WORK REQUIRED =
Search the data for the word "pose" and copy every line where it occurs.
====== DATA EXTRACTS ======
Variables (m n : nat) (R : Type) (f' : ('I_m -> R) -> hset R) (g' : ('I_n -> R) -> R).
Variables (zeroR one : R) (M : Type) (f : ('I_m -> M) -> hset M).
Variables (g : ('I_n.-1 -> R) -> M -> hset M) (zeroM : M).
Hypotheses (Hm : 1 < m) (Hn : 1 < n) (HM : hypermodule f' g' zeroR one f g zeroM).

Lemma hypermodule_scale0 x : set_eq (g (fun _ => zeroR) x) (single zeroM).
Proof.
have i : 'I_n.-1 by exists 0; rewrite -subn1 subn_gt0.
case: HM => _ [_ [_ [_ [_ [scale0 _]]]]].
have := scale0 (fun _ => zeroR) i x; congr (set_eq (g _ x) _).
by apply: functional_extensionality => j; rewrite /upd; case: ifP.
Qed.

Lemma subhypermodule_zero N : subhypermodule f g N -> N zeroM.
Proof.
by case=> -[x Nx] [_ [_ N_scale]]; apply: (N_scale _ x Nx); apply/hypermodule_scale0.
Qed.

Lemma subhypermodule_cancel N (w : 'I_m -> M) (z : M) (i : 'I_m) :
  subhypermodule f g N ->
  f w z -> (forall k, k != i -> N (w k)) -> N z -> N (w i).
Proof.
move=> sN; have N0 := subhypermodule_zero sN.
case: sN => _ [N_closed [N_reprod _]].
exact: (subhypergroup_cancel Hm HM.1 N_closed N_reprod N0).
Qed.

End Hypermodule.

Lemma map_upd (A B : Type) (k : nat) (h : A -> B) (a : 'I_k -> A) (i : 'I_k) (y : A) :
  (fun j => h (upd a i y j)) = upd (fun j => h (a j)) i (h y).
Proof. by apply: functional_extensionality => j; rewrite /upd; case: ifP. Qed.

Lemma himage_lift (A B : Type) (k : nat) (h : A -> B) (N : hset A) (x : 'I_k -> B) :
  (forall j, himage h N (x j)) ->
  exists x' : 'I_k -> A, (forall j, N (x' j)) /\ (fun j => h (x' j)) = x.
Proof.
move=> /choice[x' Hx']; exists x'; split; first by move=> j; case: (Hx' j).
by apply: functional_extensionality => j; case: (Hx' j).
Qed.

Section Homomorphism.

Variables (m n : nat) (R : Type) (f' : ('I_m -> R) -> hset R) (g' : ('I_n -> R) -> R).
Variables (zeroR one : R).
Variables (M1 : Type) (f1 : ('I_m -> M1) -> hset M1).
Variables (g1 : ('I_n.-1 -> R) -> M1 -> hset M1) (z1 : M1).
Variables (M2 : Type) (f2 : ('I_m -> M2) -> hset M2).
Variables (g2 : ('I_n.-1 -> R) -> M2 -> hset M2) (z2 : M2).
Hypotheses (Hm : 1 < m) (Hn : 1 < n).
Hypothesis HM1 : hypermodule f' g' zeroR one f1 g1 z1.
Hypothesis HM2 : hypermodule f' g' zeroR one f2 g2 z2.
Variable h : M1 -> M2.
Hypothesis Hh : hyper_hom f1 g1 f2 g2 h.

Lemma hyper_hom_zero : h z1 = z2.
Proof.
have [x [g1x <-]] := (Hh.2 _ z1 z2).2 ((hypermodule_scale0 Hn HM2 (h z1) z2).2 erefl).
by rewrite ((hypermodule_scale0 Hn HM1 z1 x).1 g1x).
Qed.

Lemma subhypermodule_himage N : subhypermodule f1 g1 N -> subhypermodule f2 g2 (himage h N).
Proof.
case=> -[x0 Nx0] [N_closed [N_reprod N_scale]].
split; first by exists (h x0), x0.
split; [|split].
- move=> _ /himage_lift[x [Nx <-]] z /(Hh.1 _ _).2[z' [fz' <-]].
  by exists z'; split => //; apply: N_closed fz'.
- move=> _ i _ /himage_lift[a [Na <-]] [z [Nz <-]].
  have [y [Ny fy]] := N_reprod a i z Na Nz.
  exists (h y); split; first by exists y.
  by rewrite -map_upd; apply/(Hh.1 _ _).1; exists z.
- move=> r _ [x [Nx <-]] z /(Hh.2 _ _ _).2[z' [gz' <-]].
  by exists z'; split => //; apply: N_scale gz'.
Qed.

Lemma subhypermodule_preimage N :
  subhypermodule f2 g2 N -> subhypermodule f1 g1 (fun x => N (h x)).
Proof.
move=> sN; have N0 := subhypermodule_zero Hn HM2 sN.
case: (sN) => _ [N_closed [_ N_scale]].
split; first by exists z1; rewrite hyper_hom_zero.
split; [|split].
- move=> x Nx z fz; apply: (N_closed (fun j => h (x j))) => //.
  by apply/(Hh.1 _ _).1; exists z.
- move=> a i z Na Nz.
  have [_ [_ [f1_reprod _]]] := HM1.1.
  have [y fy] := f1_reprod a i z.
  exists y; split => //.
  have fy2 : f2 (fun j => h (upd a i y j)) (h z) by apply/(Hh.1 _ _).1; exists z.
  have := subhypermodule_cancel Hm Hn HM2 sN fy2 (i := i) _ Nz.
  by rewrite /upd eqxx; apply=> k /negbTE ->.
- move=> r x Nx z gz; apply: (N_scale r (h x)) => //.
  by apply/(Hh.2 _ _ _).1; exists z.
Qed.

Lemma himage_ker N : subhypermodule f1 g1 N -> (forall a, h a = z2 -> N a) ->
  forall x, himage h N (h x) -> N x.
Proof.
move=> sN N_ker x [q [Nq hq]].
have N0 := subhypermodule_zero Hn HM1 sN.
pose i0 : 'I_m := Ordinal (ltnW Hm); pose i1 : 'I_m := Ordinal Hm.
pose a u := upd (upd (fun _ => z1) i0 u) i1.
have [_ [_ [f1_reprod _]]] := HM1.1.
have [y fy] := f1_reprod (upd (fun _ => z1) i0 q) i1 z1.
have Ny : N y.
  have := subhypermodule_cancel Hm Hn HM1 sN fy (i := i1) _ N0.
  rewrite /upd eqxx; apply=> k /negbTE ->; by case: ifP.
have f2y : f2 (fun j => h (a x y j)) z2.
  rewrite /a map_upd map_upd -hq -!map_upd -hyper_hom_zero.
  by apply/(Hh.1 _ _).1; exists z1.
have [t [ft /N_ker Nt]] := (Hh.1 _ _).2 f2y.
have := subhypermodule_cancel Hm Hn HM1 sN ft (i := i0) _ Nt.
rewrite /a /upd eqxx; apply=> k /negbTE ->; by case: ifP.
Qed.

Lemma weakly_classical_prime_himage Q :
  weakly_classical_prime one f1 g1 z1 Q ->
  (forall y, exists x, h x = y) -> (forall a, h a = z2 -> Q a) ->
  weakly_classical_prime one f2 g2 z2 (himage h Q).
Proof.
case=> sQ [[x Qx] Q_prime] h_onto Q_ker.
have Q_back := himage_ker sQ Q_ker.
split; first exact: subhypermodule_himage.
split; first by exists (h x) => /Q_back.
move=> r y; have [a <-] := h_onto y; move=> not_g0 gQ.
have [|z gz|i Qi] := Q_prime r a.
- move=> g0; apply: not_g0; rewrite -hyper_hom_zero.
  by apply/(Hh.2 _ _ _).1; exists z1.
- by apply/Q_back/gQ; apply/(Hh.2 _ _ _).1; exists z.
- exists i => z /(Hh.2 _ _ _).2[z' [gz' <-]].
  by exists z'; split => //; apply: Qi.
Qed.

Lemma weakly_classical_prime_preimage Q :
  weakly_classical_prime one f2 g2 z2 Q ->
  injective h -> ~ (forall x, Q (h x)) ->
  weakly_classical_prime one f1 g1 z1 (fun x => Q (h x)).
Proof.
case=> sQ [_ Q_prime] h_inj not_all.
split; first exact: subhypermodule_preimage.
split; first exact: not_all_ex_not.
move=> r a not_g0 gQ.
have [|z /(Hh.2 _ _ _).2[z' [gz' <-]]|i Qi] := Q_prime r (h a).
- case/(Hh.2 _ _ _).2 => z [gz hz]; apply: not_g0.
  by rewrite -hyper_hom_zero in hz; rewrite -(h_inj _ _ hz).
- exact: gQ.
- by exists i => z gz; apply: Qi; apply/(Hh.2 _ _ _).1; exists z.
Qed.

End Homomorphism.

Theorem mainTheorem6 (m n : nat) (Hm : 2 <= m) (Hn : 2 <= n)
  (R : Type) (f' : ('I_m -> R) -> hset R) (g' : ('I_n -> R) -> R) (zeroR one : R)
  (HR : krasner_hyperring f' g' zeroR one)
  (M1 : Type) (f1 : ('I_m -> M1) -> hset M1) (g1 : ('I_n.-1 -> R) -> M1 -> hset M1)
  (z1 : M1) (HM1 : hypermodule f' g' zeroR one f1 g1 z1)
  (M2 : Type) (f2 : ('I_m -> M2) -> hset M2) (g2 : ('I_n.-1 -> R) -> M2 -> hset M2)
  (z2 : M2) (HM2 : hypermodule f' g' zeroR one f2 g2 z2)
  (Q1 : hset M1) (Q2 : hset M2)
  (HQ1 : weakly_classical_prime one f1 g1 z1 Q1)
  (HQ2 : weakly_classical_prime one f2 g2 z2 Q2)
  (h : M1 -> M2) (Hh : hyper_hom f1 g1 f2 g2 h) :
  ((forall y : M2, exists x : M1, h x = y) ->
   (forall a : M1, h a = z2 -> Q1 a) ->
   weakly_classical_prime one f2 g2 z2 (himage h Q1)) /\
  (injective h ->
   ~ (forall x : M1, Q2 (h x)) ->
   weakly_classical_prime one f1 g1 z1 (fun x => Q2 (h x))).
Proof.
split.
- exact: (weakly_classical_prime_himage Hm Hn HM1 HM2 Hh HQ1).
- exact: (weakly_classical_prime_preimage Hm Hn HM1 HM2 Hh HQ2).
Qed.
Lemma length_filter_ge_excl (f : nat -> bool) (N i1 i2 : nat) :
  (forall i, (1 <= i <= N)%nat -> f i = false -> i = i1 \/ i = i2) ->
  INR N - 2 <= INR (length (filter f (seq 1 N))).
Proof.
  intros Hbad.
  assert (Hsplit : forall l : list nat,
     length l = (length (filter f l) + length (filter (fun i => negb (f i)) l))%nat).
  { induction l as [|i l IH]; simpl; auto. rewrite IH. destruct (f i); simpl; lia. }
  assert (Hneg : (length (filter (fun i => negb (f i)) (seq 1 N)) <= length [i1; i2])%nat).
  { apply NoDup_incl_length; [apply NoDup_filter, seq_NoDup|].
    intros i Hi. apply filter_In in Hi as [Hi Hfi]. apply in_seq in Hi.
    destruct (f i) eqn:Ef; try discriminate.
    destruct (Hbad i ltac:(lia) Ef) as [-> | ->]; simpl; auto. }
  pose proof (Hsplit (seq 1 N)) as HN. rewrite length_seq in HN. simpl in Hneg.
  assert (Hle : (N <= length (filter f (seq 1 N)) + 2)%nat) by lia.
  apply le_INR in Hle. rewrite plus_INR in Hle. simpl in Hle. lra.
Qed.

Lemma filterlim_mul_const k : (1 <= k)%nat ->
  filterlim (fun m => (m * k)%nat) eventually eventually.
Proof. intros Hk P [N HN]. exists N. intros m Hm. apply HN. nia. Qed.

Inductive letter := La | LA | Lb | LB.

Definition linv (l : letter) : letter :=
  match l with La => LA | LA => La | Lb => LB | LB => Lb end.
======
WRITTEN SOLUTION =
pose i0 : 'I_m := Ordinal (ltnW Hm); pose i1 : 'I_m := Ordinal Hm.
pose a u := upd (upd (fun _ => z1) i0 u) i1.
  pose proof (Hsplit (seq 1 N)) as HN. rewrite length_seq in HN. simpl in Hneg.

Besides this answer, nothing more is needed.